I have a 256*256 Image.
initially i assiged global work dimensions as 256,256 but its a bad idea as i used to get 16 Images of size 64*64 as its an int4 it reads 4 pixels for one work item and with 64 work items in X and Y direction it can read the entire Image.
Then i changed the global work item dimension by 64*256 ...as 64*4 is 256(in x direction the int4 reads 4 pixel/work item)...bad idea as it read the Image as 64*256.
I tried thinking if i make the global work item dimension loook like this 000100040008000120001600020...i tot work item will be executed when its a multiple of 4...definitely wrong.
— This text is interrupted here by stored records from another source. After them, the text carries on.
(* For each $x\in\Omega$, the set $\bigcup_{n\ge0}T^{-n}(x)$ is dense in $\Omega$.
   Context: Let $I=[0,1)$ with its usual metric $d_I$, fix $\theta\in(0,1)$, and let $\Omega=I^{\mathbb Z}$ with metric $d(x,y)=\sup_{k\in\mathbb Z}\theta^{|k|}d_I(x_k,y_k)$. Let $\tau:I\to I$ have full branches, so that $b=\#\tau^{-1}(t)$ is constant. Assume there is $\eta\in(0,1)$ such that every inverse branch $\zeta$ of $\tau$ satisfies $d_I(\zeta(s),\zeta(t))\le\eta\,d_I(s,t)$. Let $(\bar\tau x)_i=\tau(x_i)$ and let $\sigma$ be the shift $(\sigma x)_i=x_{i+1}$. Let $E:\Omega\to\Omega$ be invertible and suppose there is $C_E\in(0,\eta^{-1})$ with $d(\sigma^nE^{-1}x,\sigma^nE^{-1}y)\le C_E\,d(\sigma^nx,\sigma^ny)$ for all $n\in\mathbb Z$ and $x,y\in\Omega$. The coupled map is $T=E\circ\bar\tau$. *)

From Stdlib Require Import Reals Lra ZArith ClassicalEpsilon.
Open Scope R_scope.

Definition inI (s : R) : Prop := 0 <= s < 1.

Definition seqZ := Z -> R.
Definition inOmega (x : seqZ) : Prop := forall k : Z, inI (x k).

Definition dterms (theta : R) (x y : seqZ) : R -> Prop :=
  fun v => exists k : Z, v = theta ^ (Z.abs_nat k) * Rabs (x k - y k).

(* d(x,y) = sup_k theta^|k| d_I(x_k,y_k)  (the least upper bound, chosen
   classically; for x, y in Omega it exists since the terms are in [0,1)). *)
Definition dOmega (theta : R) (x y : seqZ) : R :=
  epsilon (inhabits 0) (fun r => is_lub (dterms theta x y) r).

Definition shiftZ (n : Z) (x : seqZ) : seqZ := fun i => x (i + n)%Z.

Definition taubar (tau : R -> R) (x : seqZ) : seqZ := fun i => tau (x i).

Definition Tmap (E : seqZ -> seqZ) (tau : R -> R) (x : seqZ) : seqZ :=
  E (taubar tau x).

Definition full_branches (tau : R -> R) (b : nat) (a : nat -> R) : Prop :=
  (forall s, inI s -> inI (tau s)) /\
  (1 <= b)%nat /\ a 0%nat = 0 /\ a b = 1 /\
  (forall j, (j < b)%nat -> a j < a (S j)) /\
  (forall j, (j < b)%nat ->
     (forall u v, a j <= u < a (S j) -> a j <= v < a (S j) ->
        tau u = tau v -> u = v) /\
     (forall t, inI t -> exists u, a j <= u < a (S j) /\ tau u = t)).

(* every inverse branch zeta_j (the inverse of tau on [a_j,a_{j+1})) is an
   eta-contraction: d_I(zeta_j s, zeta_j t) <= eta d_I(s,t).  Stated without
   naming zeta_j: for u = zeta_j s, v = zeta_j t. *)
Definition inverse_branches_contract (tau : R -> R) (b : nat) (a : nat -> R)
  (eta : R) : Prop :=
  forall j, (j < b)%nat ->
    forall u v, a j <= u < a (S j) -> a j <= v < a (S j) ->
      Rabs (u - v) <= eta * Rabs (tau u - tau v).

(* Given x and a target y in Omega, we look for a preimage of x under T^n
   close to y.  One step: take s = E^-1 x and, coordinatewise, pick for each
   k the preimage z_k = zeta_j (s_k) by the inverse branch zeta_j whose domain
   contains y_k.  Since y_k = zeta_j (tau y_k) and zeta_j is an
   eta-contraction, |z_k - y_k| <= eta |s_k - tau y_k|, hence
     d(z, y) <= eta d(E^-1 x, E^-1 (T y)) <= eta C_E d(x, T y).
   Iterating this n times (pulling x back along the forward orbit of y)
   gives z with T^n z = x and d(z, y) <= (eta C_E)^n d(x, T^n y), and since
   eta C_E < 1 and d <= 1 on Omega the right-hand side tends to 0. *)

From Stdlib Require Import Reals ZArith Lra Lia ClassicalEpsilon FunctionalExtensionality.
Open Scope R_scope.

Section SupMetric.

Variable theta : R.
Hypothesis Htheta : 0 < theta < 1.

Lemma dterm_le1 (x y : seqZ) (k : Z) : inOmega x -> inOmega y ->
  theta ^ Z.abs_nat k * Rabs (x k - y k) <= 1.
Proof.
  intros Hx Hy.
  destruct (Hx k), (Hy k).
  assert (0 <= theta ^ Z.abs_nat k <= 1).
  { split; [apply pow_le; lra|].
    rewrite <- (pow1 (Z.abs_nat k)). apply pow_incr; lra. }
  assert (Rabs (x k - y k) <= 1) by (apply Rabs_le; lra).
  pose proof (Rabs_pos (x k - y k)).
  nra.
Qed.

Lemma dOmega_is_lub (x y : seqZ) : inOmega x -> inOmega y ->
  is_lub (dterms theta x y) (dOmega theta x y).
Proof.
  intros Hx Hy. unfold dOmega. apply epsilon_spec.
  destruct (completeness (dterms theta x y)) as [m Hm].
  - exists 1. intros v [k ->]. now apply dterm_le1.
  - exists (theta ^ Z.abs_nat 0 * Rabs (x 0%Z - y 0%Z)). now exists 0%Z.
  - now exists m.
Qed.

Lemma dOmega_le1 (x y : seqZ) : inOmega x -> inOmega y ->
  dOmega theta x y <= 1.
Proof.
  intros Hx Hy. destruct (dOmega_is_lub x y Hx Hy) as [_ Hleast].
  apply Hleast. intros v [k ->]. now apply dterm_le1.
Qed.

Lemma dOmega_coordinatewise_le (u v s t : seqZ) (c : R) : 0 <= c ->
  inOmega u -> inOmega v -> inOmega s -> inOmega t ->
  (forall k, Rabs (u k - v k) <= c * Rabs (s k - t k)) ->
  dOmega theta u v <= c * dOmega theta s t.
Proof.
  intros Hc Hu Hv Hs Ht Hcoord.
  destruct (dOmega_is_lub u v Hu Hv) as [_ Hleast].
  destruct (dOmega_is_lub s t Hs Ht) as [Hub _].
  apply Hleast. intros w [k ->].
  assert (Hw : 0 <= theta ^ Z.abs_nat k) by (apply pow_le; lra).
  assert (Hst : theta ^ Z.abs_nat k * Rabs (s k - t k) <= dOmega theta s t)
    by (apply Hub; now exists k).
  specialize (Hcoord k).
  apply Rle_trans with (theta ^ Z.abs_nat k * (c * Rabs (s k - t k))).
  - now apply Rmult_le_compat_l.
  - replace (theta ^ Z.abs_nat k * (c * Rabs (s k - t k)))
      with (c * (theta ^ Z.abs_nat k * Rabs (s k - t k))) by ring.
    now apply Rmult_le_compat_l.
Qed.

End SupMetric.

(* The 0-th shift is the identity, so the shifted Lipschitz bound on E^-1
   applies at n = 0 to the unshifted metric. *)
Lemma shiftZ_0 (w : seqZ) : shiftZ 0 w = w.
Proof. extensionality i. unfold shiftZ. now rewrite Z.add_0_r. Qed.

Section FullBranches.

Variables (tau : R -> R) (b : nat) (a : nat -> R) (eta : R).
Hypothesis Hfull : full_branches tau b a.
Hypothesis Hcontr : inverse_branches_contract tau b a eta.

Lemma taubar_Omega (y : seqZ) : inOmega y -> inOmega (taubar tau y).
Proof. intros Hy k. apply (proj1 Hfull), Hy. Qed.

Lemma branch_points_mono (i j : nat) : (i <= j <= b)%nat -> a i <= a j.
Proof.
  destruct Hfull as (_ & _ & _ & _ & Hinc & _).
  intros Hij. induction j.
  - replace i with 0%nat by lia. lra.
  - destruct (Nat.eq_dec i (S j)) as [-> | Hne]; [lra|].
    assert (a i <= a j) by (apply IHj; lia).
    assert (a j < a (S j)) by (apply Hinc; lia).
    lra.
Qed.

Lemma branch_containing (m : nat) (u : R) : (m <= b)%nat -> a 0%nat <= u < a m ->
  exists j, (j < m)%nat /\ a j <= u < a (S j).
Proof.
  revert u. induction m; intros u Hm Hu; [lra|].
  destruct (Rlt_le_dec u (a m)).
  - destruct (IHm u ltac:(lia) ltac:(lra)) as [j [Hj Hu']].
    exists j. split; [lia | exact Hu'].
  - exists m. split; [lia | lra].
Qed.

(* Near preimage: s has a tau-preimage u within eta |s - tau y| of y,
   namely its image under the inverse branch whose domain contains y. *)
Lemma tau_preimage_near (s y : R) : inI s -> inI y ->
  exists u, inI u /\ tau u = s /\ Rabs (u - y) <= eta * Rabs (s - tau y).
Proof.
  intros Hs Hy.
  pose proof Hfull as (_ & _ & Ha0 & Hab & _ & Hbranch).
  destruct (branch_containing b y (le_n b)) as [j [Hj Hyj]].
  { destruct Hy. lra. }
  destruct (proj2 (Hbranch j Hj) s Hs) as [u [Huj Hus]].
  assert (0 <= a j) by (rewrite <- Ha0; apply branch_points_mono; lia).
  assert (a (S j) <= 1) by (rewrite <- Hab; apply branch_points_mono; lia).
  exists u. split; [unfold inI; lra | split; [exact Hus |]].
  rewrite <- Hus. now apply (Hcontr j Hj).
Qed.

Lemma taubar_preimage_near (s y : seqZ) : inOmega s -> inOmega y ->
  exists z, inOmega z /\ taubar tau z = s /\
    forall k, Rabs (z k - y k) <= eta * Rabs (s k - taubar tau y k).
Proof.
  intros Hs Hy.
  destruct (choice (fun k u => inI u /\ tau u = s k /\
                       Rabs (u - y k) <= eta * Rabs (s k - tau (y k))))
    as [z Hz].
  { intro k. now apply tau_preimage_near. }
  exists z. split; [intro k; apply Hz | split].
  - extensionality k. apply Hz.
  - intro k. apply Hz.
Qed.

End FullBranches.

Section PullBack.

Variables (theta eta C_E : R) (tau : R -> R) (b : nat) (a : nat -> R)
  (E Einv : seqZ -> seqZ).
Hypothesis Htheta : 0 < theta < 1.
Hypothesis Heta_nonneg : 0 <= eta.
Hypothesis HCE_nonneg : 0 <= C_E.
Hypothesis Hfull : full_branches tau b a.
Hypothesis Hcontr : inverse_branches_contract tau b a eta.
Hypothesis HE_Omega : forall x, inOmega x -> inOmega (E x).
Hypothesis HEinv_Omega : forall x, inOmega x -> inOmega (Einv x).
Hypothesis HEinvE : forall x, inOmega x -> Einv (E x) = x.
Hypothesis HEEinv : forall x, inOmega x -> E (Einv x) = x.
Hypothesis HEinv_lip : forall (n : Z) (x y : seqZ), inOmega x -> inOmega y ->
  dOmega theta (shiftZ n (Einv x)) (shiftZ n (Einv y))
    <= C_E * dOmega theta (shiftZ n x) (shiftZ n y).

Let T : seqZ -> seqZ := Tmap E tau.

Lemma Tmap_Omega (w : seqZ) : inOmega w -> inOmega (T w).
Proof. intros Hw. apply HE_Omega. now apply (taubar_Omega tau b a). Qed.

Lemma iter_Tmap_Omega (n : nat) (w : seqZ) : inOmega w ->
  inOmega (Nat.iter n T w).
Proof. intros Hw. induction n; simpl; auto using Tmap_Omega. Qed.

Lemma Tmap_preimage_contract (x y : seqZ) : inOmega x -> inOmega y ->
  exists z, inOmega z /\ T z = x /\
    dOmega theta z y <= eta * C_E * dOmega theta x (T y).
Proof.
  intros Hx Hy.
  set (s := Einv x). assert (Hs : inOmega s) by now apply HEinv_Omega.
  set (t := taubar tau y). assert (Ht : inOmega t) by now apply (taubar_Omega tau b a).
  destruct (taubar_preimage_near tau b a eta Hfull Hcontr s y Hs Hy)
    as [z [Hz [Hzs Hzy]]].
  exists z. split; [exact Hz | split].
  - unfold T, Tmap. rewrite Hzs. now apply HEEinv.
  - assert (Hcoord : dOmega theta z y <= eta * dOmega theta s t)
      by now apply dOmega_coordinatewise_le.
    assert (Hlip : dOmega theta s t <= C_E * dOmega theta x (T y)).
    { pose proof (HEinv_lip 0%Z x (E t) Hx (HE_Omega t Ht)) as H.
      rewrite !shiftZ_0, HEinvE in H by exact Ht. exact H. }
    rewrite Rmult_assoc.
    apply Rle_trans with (1 := Hcoord).
    now apply Rmult_le_compat_l.
Qed.

Lemma iter_preimage_contract (n : nat) (x y : seqZ) : inOmega x -> inOmega y ->
  exists z, inOmega z /\ Nat.iter n T z = x /\
    dOmega theta z y <= (eta * C_E) ^ n * dOmega theta x (Nat.iter n T y).
Proof.
  revert x y. induction n; intros x y Hx Hy.
  - exists x. simpl. split; [exact Hx | split; [reflexivity | lra]].
  - destruct (IHn x (T y) Hx (Tmap_Omega y Hy)) as [w [Hw [Hwx Hwd]]].
    destruct (Tmap_preimage_contract w y Hw Hy) as [z [Hz [Hzw Hzd]]].
    exists z. rewrite !Nat.iter_succ_r, Hzw.
    split; [exact Hz | split; [exact Hwx |]].
    apply Rle_trans with (1 := Hzd). simpl (_ ^ S n).
    rewrite (Rmult_assoc (eta * C_E) ((eta * C_E) ^ n)).
    apply Rmult_le_compat_l; [nra | exact Hwd].
Qed.

End PullBack.

Theorem mainTheorem11
  (theta eta C_E : R) (tau : R -> R) (b : nat) (a : nat -> R)
  (E Einv : seqZ -> seqZ)
  (Htheta : 0 < theta < 1)
  (Heta : 0 < eta < 1)
  (Hfull : full_branches tau b a)
  (Hcontr : inverse_branches_contract tau b a eta)
  (HE_Omega : forall x, inOmega x -> inOmega (E x))
  (HEinv_Omega : forall x, inOmega x -> inOmega (Einv x))
  (HEinvE : forall x, inOmega x -> Einv (E x) = x)
  (HEEinv : forall x, inOmega x -> E (Einv x) = x)
  (HCE : 0 < C_E < / eta)
  (HEinv_lip : forall (n : Z) (x y : seqZ), inOmega x -> inOmega y ->
     dOmega theta (shiftZ n (Einv x)) (shiftZ n (Einv y))
       <= C_E * dOmega theta (shiftZ n x) (shiftZ n y)) :
  forall x : seqZ, inOmega x ->
    forall y : seqZ, inOmega y -> forall eps : R, 0 < eps ->
      exists (n : nat) (z : seqZ),
        inOmega z /\ Nat.iter n (Tmap E tau) z = x /\ dOmega theta z y < eps.
Proof.
  intros x Hx y Hy eps Heps.
  set (q := eta * C_E).
  assert (Hq : 0 <= q < 1).
  { unfold q. split; [nra|].
    apply Rmult_lt_reg_l with (/ eta); [apply Rinv_0_lt_compat; lra|].
    rewrite <- Rmult_assoc, Rinv_l, Rmult_1_l, Rmult_1_r; lra. }
  destruct (pow_lt_1_zero q ltac:(rewrite Rabs_pos_eq; lra) eps Heps) as [N HN].
  specialize (HN N (le_n N)). rewrite Rabs_pos_eq in HN by (apply pow_le; lra).
  destruct (iter_preimage_contract theta eta C_E tau b a E Einv Htheta
              ltac:(lra) ltac:(lra) Hfull Hcontr HE_Omega HEinv_Omega HEinvE
              HEEinv HEinv_lip N x y Hx Hy) as [z [Hz [HzN Hzd]]].
  exists N, z. split; [exact Hz | split; [exact HzN |]].
  pose proof (dOmega_le1 theta Htheta x _ Hx
    (iter_Tmap_Omega tau b a E Hfull HE_Omega N y Hy)) as Hd1.
  pose proof (pow_le q N (proj1 Hq)).
  fold q in Hzd. nra.
Qed.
Then reading inputImage as int4* and writing back as int* is not possible or?
...i want to read image as an int4 and output as an int4...is it possible?
/************This code is for global work dimension 64*256*******************/
__kernel void convolution(
__global int4 *inputImage, //cl_image_format.channel datatype CL_SIGNED_INT32; CL_R;
__global int4 *outputImage,
int inputWidth, //256
int inputHeight, //256
__constant int *filter, //sobel filter
int filterWidth) //filterWidth=3
int x = get_global_id(0);
int y = get_global_id(1);
int4 sum = 0;
int kx, ky;
int widthby4 = inputWidth/4;
for (ky = -filterWidth/2; ky <= filterWidth/2; ++ky)
for (kx = -filterWidth/2; kx <= filterWidth/2; ++kx)
sum += inputImage[(y + ky) * widthby4 + (x + kx)] * filter[(ky + filterWidth/2) * filterWidth + (kx + filterWidth/2)];
sum /= 9;
outputImage[(y)*widthby4+(x)] = sum;